5 hemophilia facts you might not know

Hemophilia is a disease in which the blood does not clot properly. It is rare and typically hereditary, often leading to spontaneous or excessive bleeding, especially following injuries or surgery, and internal bleeding can be a major risk factor. Below, we’re exploring a few hemophilia facts many people may not know.

5 facts about hemophilia

  1. Hemophilia A vs. B: Hemophilia A and hemophilia B are the two most common types of hemophilia. In both cases, there is a deficiency in the protein needed for blood clotting — hemophilia A is caused by a lack of clotting factor VIII and hemophilia B is caused by a lack of clotting factor IX. The severity of hemophilia varies depending on the percentage of factor levels within a person’s blood, and hemophilia A is about four times as common as hemophilia B.

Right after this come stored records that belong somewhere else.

Lemma admissible_extend s : admissible s -> exists b c,
  [/\ b \notin s.1, c \notin s.2 & admissible (b |` s.1, c |` s.2)%fset].
Proof.
case: s => Bs Cs [BCA BD Cs_large] /=.
pose Q := [set c | c \notin Cs /\ forall b, b \in Bs -> A (b * c)%g].
have pQ : p Q.
  have BsA : p (\bigcap_(b in [set` Bs]) [set c | A (b * c)%g]).
    by apply: filter_bigI.
  apply: filterS (filterI (nonprincipal_fsetC pU pnp Cs) BsA) => c [Csc BsAc].
  by split; [apply/negP|].
have [c [cCs cBs] cCs_large] := large_intersect (udensity0 Phi qU)
  muT muS (udensityUI Phi0 qU) pU Cs_large pQ.
have cCs_large' : large mu p S (right_factors (c |` Cs)%fset).
  apply: (largeS muS pU _ cCs_large) => x [[Dx CsA] [Axc _]]; split=> // c'.
  by rewrite !inE => /orP[/eqP->|/CsA].
have Bs0 : mu [set` Bs] = 0.
  exact: (udensity_cvgn qU q_oo (cvg_dens_seq_fset Phi0 Bs Phi_big)).
have [b [[Db bA] bBs]] := large_setD_null muS pU Bs0 cCs_large'.
exists b, c; split=> //; first exact/negP.
split=> //= [b' c' b'in c'in|b'].
  move: b'in; rewrite !inE => /orP[/eqP->|b'Bs]; first exact: bA.
  by move: c'in; rewrite !inE => /orP[/eqP->|c'Cs]; [exact: cBs|exact: BCA].
by rewrite !inE => /orP[/eqP->|/BD].
Qed.

End Rectangle.

Theorem theorem5p2 (G : groupType) (A : set G) :
  countable [set: G] ->
  amenable G ->
  (exists (Phi : nat -> {fset G}) (p : set_system G),
     two_sided_folner Phi /\ UltraFilter p /\ nonprincipal p /\
     (forall g : G, density_exists Phi (rdiv A g `&` ultra_rdiv A p)) /\
     (exists L : R,
        (fun g : G => density Phi (rdiv A g `&` ultra_rdiv A p)) @ p --> L /\ 0 < L)) ->
  exists B C : set G,
    infinite_set B /\ infinite_set C /\
    [set (b * c)%g | b in B & c in C] `<=` A.
Proof.
move=> _ _ [Phi [p [[Phi0 [folner _]] [pU [pnp [Sdens [L [SL L0]]]]]]]].
have [q [qU q_oo]] := ultraFilterLemma eventually_filter.
have Phi_big := folner_card_unbounded (nonprincipal_infinite pU pnp) Phi0 folner.
have [B [C [Binf Cinf BCA]]] := infinite_rectangle
  (admissible0 pU Phi0 qU q_oo Sdens SL L0)
  (fun _ '(And3 BCA _ _) => BCA)
  (admissible_extend pU pnp Phi0 qU q_oo Phi_big).
exists B, C; do 2!split=> //.
by move=> _ [b Bb [c Cc <-]]; apply: BCA.
Qed.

  2. Rates of hemophilia: Hemophilia is inherited via the X chromosome, making it far more likely to impact males than females. Hemophilia occurs in about 1 of every 5,000 male births, and about half of those affected have a severe form. Approximately 400,000 people are living with hemophilia worldwide, with roughly 20,000 of those living with it in the United States. Hemophilia affects people from all racial and ethnic groups.

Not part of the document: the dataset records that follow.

(* Let $\mathcal E$ satisfy Assumption (i)–(v). For $x\in\mathbb R^d$ and $r\in(0,R_0]$ define $\mathcal E_r(x)=\sup_{y\in B_r(\bar y(x))}|\mathcal E(x,y)-\mathcal E(x,\bar y(x))|$. Let $0<q\le \mathcal E_\infty/2$ and $r:=\max\{s\in(0,R_0]:\sup_{x\in\mathbb R^d}\mathcal E_s(x)\le q\}$. Let $(\overline X_t,\overline Y_t)$ solve (MF) and $\rho_t^Y$ be the law of $\overline Y_t$. Then for every $t>0$ and every $x\in\mathbb R^d$ with $\rho_t^Y(B_r(\bar y(x)))>0$, $$|\bar y(x)-Y_\beta(\rho^Y_t,x)|\le\frac{(2q)^\nu}{\eta}+\frac{\exp(-\beta q)}{\rho_t^Y(B_r(\bar y(x)))}\int|y-\bar y(x)|\,\rho^Y_t(dy).$$
   Context: Let $\mathcal{E}:\mathbb R^d\times\mathbb R^d\to\mathbb R$ be continuous, $|\cdot|$ the Euclidean norm, and $B_r(z)=\{z':\max_k|z'_k-z_k|\le r\}$ the $\ell^\infty$ ball. Weights $\omega^{\mathcal E}_\alpha(x,y)=\exp(-\alpha\mathcal E(x,y))$. For a probability measure $\rho^Y$, $Y_\beta(\rho^Y,x)=\int y\,e^{\beta\mathcal E(x,y)}\rho^Y(dy)/\int e^{\beta\mathcal E(x,y)}\rho^Y(dy)$, and $X_{\alpha,\beta}(\rho^X)=\int x\,e^{-\alpha\mathcal E(x,Y_\beta(\rho^Y,x))}\rho^X(dx)/\int e^{-\alpha\mathcal E(x,Y_\beta(\rho^Y,x))}\rho^X(dx)$. Mean-field system (MF): with $\lambda,\sigma,\alpha,\beta>0$, $D(z)=\mathrm{diag}(z_1,\dots,z_d)$, independent Brownian motions $B^X,B^Y$: $d\overline X_t=-\lambda(\overline X_t-X_{\alpha,\beta}(\rho^X_t))dt+\sigma D(\overline X_t-X_{\alpha,\beta}(\rho^X_t))dB^X_t$, $d\overline Y_t=-\lambda(\overline Y_t-Y_\beta(\rho^Y_t,\overline X_t))dt+\sigma D(\overline Y_t-Y_\beta(\rho^Y_t,\overline X_t))dB^Y_t$, $\rho^X_t,\rho^Y_t$ the laws of $\overline X_t,\overline Y_t$; a solution with finite fourth moments on bounded time intervals is assumed to exist. Assumption: (i) $\underline C_{\mathcal E}\le\mathcal E\le\overline C_{\mathcal E}$. (ii) $|\mathcal E(x_1,y_1)-\mathcal E(x_2,y_2)|\le L_{\mathcal E}(1+|x_1|+|x_2|+|y_1|+|y_2|)(|x_1-x_2|+|y_1-y_2|)$. (iii) for each $x$ there is a unique $\bar y(x)=\arg\max_y\mathcal E(x,y)$; with $\overline{\mathcal E}(x)=\mathcal E(x,\bar y(x))$, $x^*=\arg\min\overline{\mathcal E}$ and $y^*=\bar y(x^* )$; $|\bar y(x_1)-\bar y(x_2)|\le\bar c_1|x_1-x_2|$ and $|\bar y(x)|\le\bar c_2$ for all $x$. (iv) there are $\mathcal E_\infty,\eta,\nu,R_0>0$ such that for all $x$: $\eta|y-\bar y(x)|\le|\mathcal E(x,y)-\mathcal E(x,\bar y(x))|^\nu$ for $y\in B_{R_0}(\bar y(x))$, and $\mathcal E_\infty<\mathcal E(x,\bar y(x))-\mathcal E(x,y)$ for $y\notin B_{R_0}(\bar y(x))$. (v) for each $q>0$ there is $r\in(0,R_0]$ with $\sup_x\sup_{y\in B_r(\bar y(x))}|\mathcal E(x,y)-\mathcal E(x,\bar y(x))|\le q$. *)

From HB Require Import structures.
From mathcomp Require Import all_boot all_order all_algebra.
From mathcomp Require Import all_classical all_reals all_analysis.
Set Implicit Arguments. Unset Strict Implicit. Unset Printing Implicit Defensive.
Import Order.TTheory GRing.Theory Num.Theory.
Import numFieldNormedType.Exports.
Local Open Scope classical_set_scope.
Local Open Scope ring_scope.

Definition Rd (R : realType) (d : nat) :=
  g_sigma_algebraType (@open 'rV[R]_d).

Definition enorm {R : realType} {d : nat} (z : 'rV[R]_d) : R :=
  Num.sqrt (\sum_(k < d) (z ord0 k) ^+ 2).

Definition linf_ball {R : realType} {d : nat} (z : 'rV[R]_d) (r : R)
  : set 'rV[R]_d :=
  [set z' | forall k : 'I_d, `|z' ord0 k - z ord0 k| <= r].

Definition Ybeta {R : realType} {d : nat}
  (E : 'rV[R]_d -> 'rV[R]_d -> R) (beta : R)
  (rho : probability (Rd R d) R) (x : 'rV[R]_d) : 'rV[R]_d :=
  \row_(k < d)
    (Rintegral rho setT (fun y : Rd R d => y ord0 k * expR (beta * E x y))
     / Rintegral rho setT (fun y : Rd R d => expR (beta * E x y))).

Definition Er {R : realType} {d : nat}
  (E : 'rV[R]_d -> 'rV[R]_d -> R) (ybar : 'rV[R]_d -> 'rV[R]_d)
  (r : R) (x : 'rV[R]_d) : R :=
  sup [set `|E x y - E x (ybar x)| | y in linf_ball (ybar x) r].

Definition supEr {R : realType} {d : nat}
  (E : 'rV[R]_d -> 'rV[R]_d -> R) (ybar : 'rV[R]_d -> 'rV[R]_d) (r : R) : R :=
  sup (range (Er E ybar r)).

From HB Require Import structures.
From mathcomp Require Import all_boot all_order all_algebra.
From mathcomp Require Import all_classical all_reals all_analysis.
From mathcomp Require Import ring lra measurable_realfun.
Set Implicit Arguments. Unset Strict Implicit. Unset Printing Implicit Defensive.
Import Order.TTheory GRing.Theory Num.Theory.
Import numFieldNormedType.Exports.
Local Open Scope classical_set_scope.
Local Open Scope ring_scope.

(* Let [w = exp (beta E(x, _))], so that [Y_beta(rho, x)] is the [w]-weighted
   mean of [rho], and let [c = ybar x].  Cauchy-Schwarz gives
   [|c - Y_beta(rho, x)| * int w <= int |y - c| w].  Split the right-hand side
   at the radius [(2q)^nu / eta]: inside, [|y - c| w] is at most the radius
   times [w]; outside, the growth condition (iv) and [2q <= Einf] force
   [E(x, y) < E(x, c) - 2q], so [w <= exp (beta (E(x, c) - 2q))].  On the ball
   [B_r(c)] the choice of [r] gives [E(x, y) >= E(x, c) - q], hence
   [int w >= exp (beta (E(x, c) - q)) rho(B_r(c))]; the two exponentials differ
   by the factor [exp (- beta q)]. *)

Section euclidean_norm.
Variables (R : realType) (d : nat).
Implicit Types a b : 'rV[R]_d.

Lemma sumr_sqr_ge0 a : 0 <= \sum_(k < d) a ord0 k ^+ 2.
Proof. by apply: sumr_ge0 => k _; exact: sqr_ge0. Qed.

Lemma enorm_ge0 a : 0 <= enorm a.
Proof. exact: sqrtr_ge0. Qed.

Lemma sqr_enorm a : enorm a ^+ 2 = \sum_(k < d) a ord0 k ^+ 2.
Proof. by rewrite sqr_sqrtr // sumr_sqr_ge0. Qed.

Lemma normr_coord_le_enorm a k : `|a ord0 k| <= enorm a.
Proof.
rewrite -(sqrtr_sqr (a ord0 k)) ler_sqrt ?sumr_sqr_ge0 // (bigD1 k) //= lerDl.
by apply: sumr_ge0 => i _; exact: sqr_ge0.
Qed.

Lemma cauchy_schwarz a b :
  `|\sum_(k < d) a ord0 k * b ord0 k| <= enorm a * enorm b.
Proof.
set A := \sum_(k < d) a ord0 k ^+ 2; set B := \sum_(k < d) b ord0 k ^+ 2.
set C := \sum_(k < d) a ord0 k * b ord0 k.
suff CAB : C ^+ 2 <= A * B.
  by rewrite -sqrtrM ?sumr_sqr_ge0 // -(sqrtr_sqr C) ler_sqrt // mulr_ge0 // sumr_sqr_ge0.
have [A0|A0] := eqVneq A 0.
  have a0 k : a ord0 k = 0.
    apply/eqP; rewrite -sqrf_eq0; apply/eqP.
    by apply: (psumr_eq0P _ A0) => // i _; exact: sqr_ge0.
  by rewrite /C big1 ?expr0n ?A0 ?mul0r // => k _; rewrite a0 mul0r.
have Apos : 0 < A by rewrite lt_def A0 sumr_sqr_ge0.
(* Lagrange's trick: [A (A B - C^2)] is the sum of squares of [A b - C a]. *)
have expand : \sum_(k < d) (A * b ord0 k - C * a ord0 k) ^+ 2 = A * (A * B - C ^+ 2).
  transitivity (\sum_(k < d) (A ^+ 2 * b ord0 k ^+ 2 + C ^+ 2 * a ord0 k ^+ 2
      - 2 * A * C * (a ord0 k * b ord0 k))); first by apply: eq_bigr => k _; ring.
  by rewrite sumrB big_split /= -!mulr_sumr -/A -/B -/C; ring.
rewrite -subr_ge0 -(pmulr_rge0 _ Apos) -expand.
by apply: sumr_ge0 => k _; exact: sqr_ge0.
Qed.

End euclidean_norm.

Section measurability.
Variables (R : realType) (d : nat).

Lemma continuous_measurable_rV (f : 'rV[R]_d -> R) :
  continuous f -> measurable_fun (setT : set (Rd R d)) f.
Proof.
move=> /continuousP cf.
apply: (measurability _ (measurable_realfun.RGenOpens.measurableE R)).
move=> _ [_ [a [b ->]] <-]; rewrite setTI; apply: sub_sigma_algebra.
exact/cf/interval_open.
Qed.

Lemma measurable_coordB (c : 'rV[R]_d) k :
  measurable_fun (setT : set (Rd R d)) (fun y : 'rV[R]_d => (y - c) ord0 k).
Proof.
have -> : (fun y : 'rV[R]_d => (y - c) ord0 k) = (fun y => y ord0 k - c ord0 k).
  by apply: funext => y; rewrite !mxE.
apply: measurable_realfun.measurable_funB; last exact: measurable_cst.
by apply: continuous_measurable_rV; exact: coord_continuous.
Qed.

Lemma measurable_enormB (c : 'rV[R]_d) :
  measurable_fun (setT : set (Rd R d)) (fun y : 'rV[R]_d => enorm (y - c)).
Proof.
apply: measurableT_comp.
  by apply: continuous_measurable_fun; exact: sqrt_continuous.
by apply: measurable_sum => k; apply: measurable_realfun.measurable_funX; exact: measurable_coordB.
Qed.

Lemma measurable_linf_ball (c : 'rV[R]_d) (r : R) :
  measurable (linf_ball c r : set (Rd R d)).
Proof.
have -> : linf_ball c r = \bigcap_(k in [set: 'I_d])
    (setT `&` (fun y : Rd R d => `|(y - c) ord0 k|) @^-1` `]-oo, r]).
  apply/seteqP; split => y /=.
    by move=> yB k _; split => //=; rewrite in_itv /= !mxE yB.
  by move=> yB k; have [_ /=] := yB k I; rewrite in_itv /= !mxE.
apply: fin_bigcap_measurable; first exact: finite_finset.
by move=> k _; exact: (measurableT_comp (@normr_measurable R setT) (measurable_coordB c k)).
Qed.

End measurability.

Section integration.
Variables (dT : measure_display) (T : measurableType dT) (R : realType).
Variable mu : {measure set T -> \bar R}.
Implicit Types (f h : T -> R) (M : R).

Lemma integrable_dominated h f M : measurable_fun setT h ->
  mu.-integrable setT (EFin \o f) -> (forall y, `|h y| <= M * f y) ->
  mu.-integrable setT (EFin \o h).
Proof.
move=> mh fi hM.
apply: (@le_integrable _ _ _ mu _ measurableT _ (fun y => M%:E * (EFin \o f) y)%E).
- exact/measurable_EFinP.
- by move=> y _; rewrite lee_fin (le_trans (hM y)) // ler_norm.
- exact: integrableZl.
Qed.

Lemma integrableZl_fun f (c : R) : mu.-integrable setT (EFin \o f) ->
  mu.-integrable setT (EFin \o (fun y => c * f y)).
Proof. exact: integrableZl. Qed.

Lemma integrableD_fun f h : mu.-integrable setT (EFin \o f) ->
  mu.-integrable setT (EFin \o h) -> mu.-integrable setT (EFin \o (fun y => f y + h y)).
Proof. exact: integrableD. Qed.

Lemma integrable_sumr (I : Type) (s : seq I) (h : I -> T -> R) :
  (forall i, mu.-integrable setT (EFin \o h i)) ->
  mu.-integrable setT (EFin \o (fun y => \sum_(i <- s) h i y)).
Proof.
move=> hi.
have -> : EFin \o (fun y => \sum_(i <- s) h i y) = (fun y => \sum_(i <- s) (h i y)%:E)%E.
  by apply: funext => y; rewrite /= sumEFin.
by apply: integrable_sum => // i _; exact: hi.
Qed.

Lemma Rintegral_sum (I : Type) (s : seq I) (h : I -> T -> R) :
  (forall i, mu.-integrable setT (EFin \o h i)) ->
  Rintegral mu setT (fun y => \sum_(i <- s) h i y)
  = \sum_(i <- s) Rintegral mu setT (h i).
Proof.
move=> hi; elim: s => [|i s IH].
  by under eq_fun do rewrite big_nil; rewrite big_nil Rintegral_cst // mul0r.
under eq_fun do rewrite big_cons.
by rewrite big_cons RintegralD // ?IH //; exact: integrable_sumr.
Qed.

End integration.

Section finite_measure.
Variables (dT : measure_display) (T : measurableType dT) (R : realType).
Variable mu : {finite_measure set T -> \bar R}.

Lemma integrable_bounded (h : T -> R) (M : R) : measurable_fun setT h ->
  (forall y, `|h y| <= M) -> mu.-integrable setT (EFin \o h).
Proof.
move=> mh hM; apply: (@le_integrable _ _ _ mu _ measurableT _ (EFin \o cst M)).
- exact/measurable_EFinP.
- by move=> y _; rewrite lee_fin (le_trans (hM y)) // ler_norm.
- exact: finite_measure_integrable_cst.
Qed.

Lemma fine_measure_gt0 (B : set T) :
  measurable B -> (0 < mu B)%E -> 0 < fine (mu B).
Proof.
by move=> mB muB0; rewrite fine_gt0 // muB0 /= ltey_eq fin_num_measure.
Qed.

Lemma mul_measure_le_Rintegral (w : T -> R) (B : set T) (e : R) :
  measurable B -> mu.-integrable setT (EFin \o w) -> (forall y, 0 <= w y) ->
  (forall y, B y -> e <= w y) -> e * fine (mu B) <= Rintegral mu setT w.
Proof.
move=> mB iw w0 we.
have -> : fine (mu B) = Rintegral mu setT (\1_B : T -> R).
  by rewrite /Rintegral integral_indic // setIT.
rewrite -RintegralZl //; last exact: integrable_indic.
apply: le_Rintegral => //; first exact/integrableZl_fun/integrable_indic.
move=> y _; rewrite /indic; case: (boolP (y \in B)) => [/set_mem/we|_].
  by rewrite mulr1.
by rewrite mulr0.
Qed.

End finite_measure.

Section weighted_mean.
Variables (R : realType) (d : nat) (mu : {measure set (Rd R d) -> \bar R}).

Definition wmean (w : Rd R d -> R) : 'rV[R]_d :=
  \row_(k < d) (Rintegral mu setT (fun y : Rd R d => y ord0 k * w y)
                / Rintegral mu setT w).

  3. Treatments for hemophilia: There is no known cure for hemophilia, but treatments are advancing thanks to continued medical research. A common treatment plan for hemophilia involves replacement therapy, where doctors inject clotting factor VIII or IX into a patient’s veins to increase the levels. Depending on the severity, some people will have to have this therapy regularly to prevent bleeding. 
  4. Hemophilia symptoms: The symptoms of hemophilia vary from person to person, but they typically include: 
    • bleeding into the joints (this can cause swelling, pain, and tightness; it often affects the knees, elbows, and ankles)
    • bleeding into the skin or muscle and soft tissue causing a build-up of blood in the area
    • bleeding of the mouth and gums
    • bleeding after having shots
    • blood in the urine or stool
    • frequent and hard-to-stop nosebleeds
  5. How hemophilia is diagnosed: Since hemophilia is typically genetic, many people who are living with the disorder or have relatives with a history of hemophilia will have male children tested shortly after birth. However, it is important to note that approximately one-third of babies who are diagnosed with hemophilia have no other family members with the disorder. A hemophilia diagnosis requires screening tests and clotting factor tests, which check if the blood is clotting properly and whether the hemophilia is mild, moderate, or severe.